Provide again, from the entries below, every line from the one containing "Lemma dot_morphism_preserves_satP (phi" through the one containing "- rewrite !satP_box_iff.", exactly as written, and no other line.

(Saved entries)
============================================================
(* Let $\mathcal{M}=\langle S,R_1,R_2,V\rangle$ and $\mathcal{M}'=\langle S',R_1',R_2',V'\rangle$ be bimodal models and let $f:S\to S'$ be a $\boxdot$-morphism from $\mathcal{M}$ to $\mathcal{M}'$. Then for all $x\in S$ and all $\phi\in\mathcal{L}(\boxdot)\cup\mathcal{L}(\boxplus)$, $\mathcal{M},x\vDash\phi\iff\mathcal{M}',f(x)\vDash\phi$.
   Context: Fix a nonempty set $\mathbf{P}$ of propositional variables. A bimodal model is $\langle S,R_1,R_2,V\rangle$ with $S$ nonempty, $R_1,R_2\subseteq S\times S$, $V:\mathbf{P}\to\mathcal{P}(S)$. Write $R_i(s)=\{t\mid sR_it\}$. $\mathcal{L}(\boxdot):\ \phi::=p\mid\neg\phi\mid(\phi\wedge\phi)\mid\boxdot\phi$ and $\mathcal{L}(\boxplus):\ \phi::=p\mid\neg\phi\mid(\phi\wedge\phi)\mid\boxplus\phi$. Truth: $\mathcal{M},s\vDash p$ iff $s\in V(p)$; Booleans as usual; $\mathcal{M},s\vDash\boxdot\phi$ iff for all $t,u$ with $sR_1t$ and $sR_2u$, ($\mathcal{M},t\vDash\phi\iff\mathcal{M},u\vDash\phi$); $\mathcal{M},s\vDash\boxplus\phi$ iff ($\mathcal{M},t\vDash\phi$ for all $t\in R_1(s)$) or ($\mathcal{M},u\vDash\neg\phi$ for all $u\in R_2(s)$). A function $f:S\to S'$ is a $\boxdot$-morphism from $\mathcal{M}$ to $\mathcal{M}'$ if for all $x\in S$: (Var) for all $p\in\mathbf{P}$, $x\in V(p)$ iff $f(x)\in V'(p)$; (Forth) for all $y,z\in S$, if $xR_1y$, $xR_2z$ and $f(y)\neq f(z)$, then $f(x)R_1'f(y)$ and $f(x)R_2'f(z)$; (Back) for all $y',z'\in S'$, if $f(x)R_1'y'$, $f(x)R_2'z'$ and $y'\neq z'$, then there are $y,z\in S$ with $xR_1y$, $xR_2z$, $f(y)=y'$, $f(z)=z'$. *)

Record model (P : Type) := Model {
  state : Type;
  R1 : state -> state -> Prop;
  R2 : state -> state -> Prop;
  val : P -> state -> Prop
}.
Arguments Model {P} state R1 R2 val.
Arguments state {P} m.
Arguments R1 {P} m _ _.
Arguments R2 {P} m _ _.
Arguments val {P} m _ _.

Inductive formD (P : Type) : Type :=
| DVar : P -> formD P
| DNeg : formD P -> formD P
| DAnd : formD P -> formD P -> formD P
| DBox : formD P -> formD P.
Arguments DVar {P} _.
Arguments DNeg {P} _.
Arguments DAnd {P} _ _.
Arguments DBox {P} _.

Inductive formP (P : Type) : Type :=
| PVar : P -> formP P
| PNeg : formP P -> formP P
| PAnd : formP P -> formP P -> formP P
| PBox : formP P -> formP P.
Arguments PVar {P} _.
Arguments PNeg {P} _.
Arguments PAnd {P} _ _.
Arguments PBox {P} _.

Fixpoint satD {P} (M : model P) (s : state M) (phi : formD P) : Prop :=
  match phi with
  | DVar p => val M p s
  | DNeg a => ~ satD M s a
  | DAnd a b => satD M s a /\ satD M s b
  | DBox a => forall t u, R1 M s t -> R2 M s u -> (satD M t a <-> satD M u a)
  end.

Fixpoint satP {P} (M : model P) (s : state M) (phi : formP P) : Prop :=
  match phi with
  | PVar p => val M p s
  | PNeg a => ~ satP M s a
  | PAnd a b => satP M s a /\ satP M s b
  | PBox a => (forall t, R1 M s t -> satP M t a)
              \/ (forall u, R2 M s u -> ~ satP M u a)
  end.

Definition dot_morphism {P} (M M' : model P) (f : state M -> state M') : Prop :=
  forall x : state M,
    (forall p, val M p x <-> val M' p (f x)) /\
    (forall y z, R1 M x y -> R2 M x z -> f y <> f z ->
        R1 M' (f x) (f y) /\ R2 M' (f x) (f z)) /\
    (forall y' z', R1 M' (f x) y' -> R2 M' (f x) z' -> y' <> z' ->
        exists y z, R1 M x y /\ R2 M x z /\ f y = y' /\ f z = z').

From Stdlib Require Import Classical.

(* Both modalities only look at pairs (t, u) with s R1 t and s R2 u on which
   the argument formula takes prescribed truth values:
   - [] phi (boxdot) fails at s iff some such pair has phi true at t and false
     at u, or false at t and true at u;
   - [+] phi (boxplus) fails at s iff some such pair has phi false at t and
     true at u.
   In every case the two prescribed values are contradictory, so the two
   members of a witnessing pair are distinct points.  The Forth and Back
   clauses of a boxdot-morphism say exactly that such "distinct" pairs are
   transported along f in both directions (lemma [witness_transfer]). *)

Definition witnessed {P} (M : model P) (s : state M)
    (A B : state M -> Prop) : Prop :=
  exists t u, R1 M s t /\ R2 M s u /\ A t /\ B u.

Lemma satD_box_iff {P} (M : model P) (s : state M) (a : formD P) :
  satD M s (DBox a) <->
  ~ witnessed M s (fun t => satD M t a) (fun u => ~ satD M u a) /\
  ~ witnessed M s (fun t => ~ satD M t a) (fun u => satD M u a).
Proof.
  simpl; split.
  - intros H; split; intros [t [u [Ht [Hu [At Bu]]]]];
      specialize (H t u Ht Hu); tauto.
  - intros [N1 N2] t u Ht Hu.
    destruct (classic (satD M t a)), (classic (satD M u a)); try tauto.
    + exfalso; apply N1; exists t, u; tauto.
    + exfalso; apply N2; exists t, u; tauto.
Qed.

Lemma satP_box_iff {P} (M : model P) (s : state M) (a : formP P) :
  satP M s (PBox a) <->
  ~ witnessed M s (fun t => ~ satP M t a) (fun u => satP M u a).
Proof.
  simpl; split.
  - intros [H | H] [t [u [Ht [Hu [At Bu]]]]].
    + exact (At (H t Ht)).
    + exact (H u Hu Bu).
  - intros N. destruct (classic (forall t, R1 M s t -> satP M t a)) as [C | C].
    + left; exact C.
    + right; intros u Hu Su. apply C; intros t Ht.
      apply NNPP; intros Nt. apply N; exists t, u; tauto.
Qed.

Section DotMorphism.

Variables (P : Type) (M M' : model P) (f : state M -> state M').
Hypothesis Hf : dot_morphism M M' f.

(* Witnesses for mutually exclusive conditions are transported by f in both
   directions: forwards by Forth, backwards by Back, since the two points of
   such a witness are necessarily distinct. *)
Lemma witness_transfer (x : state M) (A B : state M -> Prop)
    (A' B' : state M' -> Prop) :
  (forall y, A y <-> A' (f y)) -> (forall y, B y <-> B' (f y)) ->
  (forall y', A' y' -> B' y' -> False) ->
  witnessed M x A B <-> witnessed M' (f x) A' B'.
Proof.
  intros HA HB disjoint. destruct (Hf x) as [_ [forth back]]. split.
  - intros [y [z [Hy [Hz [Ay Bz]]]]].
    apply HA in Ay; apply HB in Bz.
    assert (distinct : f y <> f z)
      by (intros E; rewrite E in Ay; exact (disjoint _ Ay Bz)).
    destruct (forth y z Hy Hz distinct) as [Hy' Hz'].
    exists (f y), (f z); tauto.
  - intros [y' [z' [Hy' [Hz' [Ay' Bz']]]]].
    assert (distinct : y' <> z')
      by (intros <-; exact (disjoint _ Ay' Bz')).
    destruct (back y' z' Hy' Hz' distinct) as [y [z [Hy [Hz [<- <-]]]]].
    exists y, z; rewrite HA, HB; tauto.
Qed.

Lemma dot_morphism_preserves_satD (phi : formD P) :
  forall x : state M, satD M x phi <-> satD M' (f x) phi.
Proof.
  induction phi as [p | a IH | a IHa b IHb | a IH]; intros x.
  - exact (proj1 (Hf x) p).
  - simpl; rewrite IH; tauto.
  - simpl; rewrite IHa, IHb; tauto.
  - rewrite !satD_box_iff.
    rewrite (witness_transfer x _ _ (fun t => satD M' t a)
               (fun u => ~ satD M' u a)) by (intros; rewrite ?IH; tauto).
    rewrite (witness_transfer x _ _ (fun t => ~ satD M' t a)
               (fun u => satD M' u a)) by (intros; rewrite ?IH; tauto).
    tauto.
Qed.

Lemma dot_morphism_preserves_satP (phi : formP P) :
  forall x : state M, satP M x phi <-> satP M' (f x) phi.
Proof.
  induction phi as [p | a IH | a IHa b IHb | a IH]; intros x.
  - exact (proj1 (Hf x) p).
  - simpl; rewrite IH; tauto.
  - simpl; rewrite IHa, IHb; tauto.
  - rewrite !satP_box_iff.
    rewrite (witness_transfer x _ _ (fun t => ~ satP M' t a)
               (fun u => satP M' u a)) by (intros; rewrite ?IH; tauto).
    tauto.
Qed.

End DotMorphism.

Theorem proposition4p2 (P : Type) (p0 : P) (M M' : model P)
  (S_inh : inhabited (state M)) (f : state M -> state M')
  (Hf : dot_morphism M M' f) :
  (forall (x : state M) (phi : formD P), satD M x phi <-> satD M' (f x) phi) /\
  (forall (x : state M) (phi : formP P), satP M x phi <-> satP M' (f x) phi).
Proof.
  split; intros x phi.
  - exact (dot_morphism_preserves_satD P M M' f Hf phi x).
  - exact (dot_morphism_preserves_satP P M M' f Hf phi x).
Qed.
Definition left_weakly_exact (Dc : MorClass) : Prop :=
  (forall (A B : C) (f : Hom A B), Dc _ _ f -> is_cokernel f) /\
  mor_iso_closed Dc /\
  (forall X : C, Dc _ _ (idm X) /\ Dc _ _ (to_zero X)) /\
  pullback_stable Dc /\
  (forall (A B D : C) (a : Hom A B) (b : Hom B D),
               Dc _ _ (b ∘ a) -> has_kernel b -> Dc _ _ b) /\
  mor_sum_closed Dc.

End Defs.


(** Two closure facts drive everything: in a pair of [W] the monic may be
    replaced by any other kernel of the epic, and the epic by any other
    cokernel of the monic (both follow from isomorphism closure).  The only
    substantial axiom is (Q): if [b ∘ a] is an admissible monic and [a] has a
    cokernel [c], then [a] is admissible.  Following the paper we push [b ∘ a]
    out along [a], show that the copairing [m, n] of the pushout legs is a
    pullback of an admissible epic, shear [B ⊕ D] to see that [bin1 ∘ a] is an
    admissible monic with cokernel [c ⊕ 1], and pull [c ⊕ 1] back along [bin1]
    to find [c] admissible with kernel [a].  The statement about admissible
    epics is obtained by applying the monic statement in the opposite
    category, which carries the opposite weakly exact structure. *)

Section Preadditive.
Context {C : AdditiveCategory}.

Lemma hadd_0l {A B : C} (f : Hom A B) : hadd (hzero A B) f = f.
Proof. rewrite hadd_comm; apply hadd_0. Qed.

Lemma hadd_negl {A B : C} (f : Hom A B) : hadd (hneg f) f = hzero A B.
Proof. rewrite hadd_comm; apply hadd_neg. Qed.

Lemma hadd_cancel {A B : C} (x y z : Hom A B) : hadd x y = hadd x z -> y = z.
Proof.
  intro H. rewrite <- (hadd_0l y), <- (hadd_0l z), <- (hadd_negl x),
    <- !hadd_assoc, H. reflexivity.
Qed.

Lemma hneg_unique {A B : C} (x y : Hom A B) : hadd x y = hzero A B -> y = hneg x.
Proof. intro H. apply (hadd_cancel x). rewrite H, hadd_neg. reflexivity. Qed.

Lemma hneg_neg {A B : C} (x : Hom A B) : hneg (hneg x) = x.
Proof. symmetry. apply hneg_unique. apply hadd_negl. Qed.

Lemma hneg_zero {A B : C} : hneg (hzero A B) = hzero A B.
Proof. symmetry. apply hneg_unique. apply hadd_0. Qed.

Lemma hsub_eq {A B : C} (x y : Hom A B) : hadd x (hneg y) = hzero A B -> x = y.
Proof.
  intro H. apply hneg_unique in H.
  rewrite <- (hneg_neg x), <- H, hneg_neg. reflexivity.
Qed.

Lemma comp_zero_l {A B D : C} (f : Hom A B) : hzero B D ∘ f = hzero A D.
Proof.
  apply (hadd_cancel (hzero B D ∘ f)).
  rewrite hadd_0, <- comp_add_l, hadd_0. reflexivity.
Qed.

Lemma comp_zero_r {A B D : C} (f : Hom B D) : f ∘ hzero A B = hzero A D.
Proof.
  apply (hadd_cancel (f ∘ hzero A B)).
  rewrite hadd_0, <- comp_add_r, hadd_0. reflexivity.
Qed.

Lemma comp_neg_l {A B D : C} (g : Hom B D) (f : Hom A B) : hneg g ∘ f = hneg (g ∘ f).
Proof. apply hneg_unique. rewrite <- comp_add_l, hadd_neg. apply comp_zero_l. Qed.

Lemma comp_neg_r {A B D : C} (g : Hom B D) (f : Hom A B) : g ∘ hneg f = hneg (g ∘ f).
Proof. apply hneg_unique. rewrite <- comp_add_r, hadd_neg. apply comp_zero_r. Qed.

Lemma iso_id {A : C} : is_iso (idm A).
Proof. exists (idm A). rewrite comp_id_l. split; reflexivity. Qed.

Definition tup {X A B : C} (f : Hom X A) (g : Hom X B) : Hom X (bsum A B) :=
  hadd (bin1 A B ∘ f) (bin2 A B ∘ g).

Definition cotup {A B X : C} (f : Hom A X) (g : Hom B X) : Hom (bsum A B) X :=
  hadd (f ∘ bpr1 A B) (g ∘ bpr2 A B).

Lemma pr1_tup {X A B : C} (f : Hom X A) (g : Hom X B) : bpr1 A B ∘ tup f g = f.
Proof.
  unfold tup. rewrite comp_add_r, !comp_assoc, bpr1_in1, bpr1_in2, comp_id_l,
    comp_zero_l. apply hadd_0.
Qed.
============================================================
Task solution ▸
Lemma dot_morphism_preserves_satP (phi : formP P) :
  forall x : state M, satP M x phi <-> satP M' (f x) phi.
Proof.
  induction phi as [p | a IH | a IHa b IHb | a IH]; intros x.
  - exact (proj1 (Hf x) p).
  - simpl; rewrite IH; tauto.
  - simpl; rewrite IHa, IHb; tauto.
  - rewrite !satP_box_iff.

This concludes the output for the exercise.